News · 26 | 03 | 2021
Swiss films are alive and well.
On the day of the Swiss Film Award, Giona A. Nazzaro reflects on the strength of Swiss national cinema.
In 2021, the second year of Covid-19, the message sent out by the Swiss Film Award is one of resistance and hope. The tribute paid to filmmaker Markus Imhoof in 2020 and actress Lilo Pulver this year awarded two key figures whose work left an indelible mark on the many people they have inspired. No less than 120 films across the 12 award categories were watched by members of the Swiss Film Academy, some 450 in number. Their recommendations guide the five-person jury in drawing up a shortlist of Nominees. Whatever the final decision as to the prizewinners, it is this painstaking exploration of domestic film output by so many stakeholders which makes the Nominations process so special, coupled with the impressive quality of the films entered. The only possible conclusion is that Swiss film production today is in a very good place, as witnessed by the prize recently garnered in Berlin by Ramon Zürcher.

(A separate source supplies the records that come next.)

Lemma crossing_number_madd2 R x y :
  crossing_number (madd2 R x y) =
  cross x y + (count (cross x) (enum_mset R) + count (cross y) (enum_mset R))
  + crossings (enum_mset R).
Proof. rewrite /crossing_number (perm_crossings (perm_enum_madd2 R x y)) /=; lia. Qed.

Ltac decide_nat_cmp :=
  repeat match goal with
  | |- context [leq ?x ?y] =>
      first [ rewrite (_ : leq x y = true); [|by apply/idP; lia]
            | rewrite (_ : leq x y = false); [|by apply/negbTE/negP; lia] ]
  | |- context [?x == ?y] =>
      lazymatch type of x with nat => idtac end;
      first [ rewrite (_ : (x == y) = true); [|by apply/eqP; lia]
            | rewrite (_ : (x == y) = false); [|by apply/negbTE/eqP; lia] ]
  end.

Ltac case_between z d c b a :=
  have [?|[?|[?|[?|?]]]] :
    z < d \/ d < z < c \/ c < z < b \/ b < z < a \/ a < z by lia.

Ltac case_between3 z c b a :=
  have [?|[?|[?|?]]] : z < c \/ c < z < b \/ b < z < a \/ a < z by lia.

Lemma eqSome (a b : nat) : (Some a == Some b) = (a == b).
Proof. by []. Qed.

Definition avoids (x y e : member) : Prop :=
  (is_arc e || is_pole e) /\
  forall i, touches i e -> ~~ touches i x && ~~ touches i y.

Lemma avoids_arc (x y : member) m n : avoids x y (Some m, n) ->
  [/\ 0 < n, n < m, ~~ touches n x && ~~ touches n y
    & ~~ touches m x && ~~ touches m y].
Proof.
move=> [/orP[/andP[n_gt0 n_lt_m]|//] H]; split => //; apply: H.
  by rewrite /touches eqxx orbT.
by rewrite /touches eqxx.
Qed.

Lemma avoids_pole (x y : member) n : avoids x y (None, n) ->
  0 < n /\ ~~ touches n x && ~~ touches n y.
Proof.
by move=> [/orP[//|n_gt0] H]; split => //; apply: H; rewrite /touches eqxx orbT.
Qed.

Lemma cross_moveA a b c d e : 0 < d < c -> c < b < a ->
  avoids (Some a, c) (Some b, d) e ->
  cross (Some a, d) e + cross (Some b, c) e <= cross (Some a, c) e + cross (Some b, d) e /\
  (cross (Some a, d) e + cross (Some b, c) e < cross (Some a, c) e + cross (Some b, d) e ->
   exists m n, e = (Some m, n) /\ d < n < c /\ b < m < a).
Proof.
move=> h1 h2; case: e => [[m|] n] /= H.
  case/avoids_arc: H => h3 h4; rewrite /touches /= !eqSome => h5 h6; rewrite /cross /=.
  case_between n d c b a; case_between m d c b a; decide_nat_cmp;
    split=> // _; by exists m, n; split => //; lia.
case/avoids_pole: H => h3; rewrite /touches /= !eqSome => h5; rewrite /cross /=.
by case_between n d c b a; decide_nat_cmp.
Qed.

All national cinemas are under huge pressure from the pandemia, while all sectors of the audiovisual industry are undergoing constant transformation, so there is a shared need for a viable, practicable future. In this context, observing the rich diversity and generally high quality of the nominated films (although everyone will have their own preferences, as is only right and proper) sends out a reassuring signal, at a crucial moment of taking stock and gathering ideas for how to get the industry on its feet again. The competing entries show us a Swiss national cinema that is aware of its vocation and keen to join the conversation with European and world cinema, and also conscious of the need to equip itself to be fully ready to address the demands of a world that has changed radically before our very eyes.
To be present as actors and leading players amid the changes that await us in the future (though they began in the past, when we thought the world would stay the same): that is the historic task that the cinema must take on today. Swiss films have a big part to play, just waiting to be written, and this 26th March could be the first day when we greet the early signs of a future in which they can take a leading role.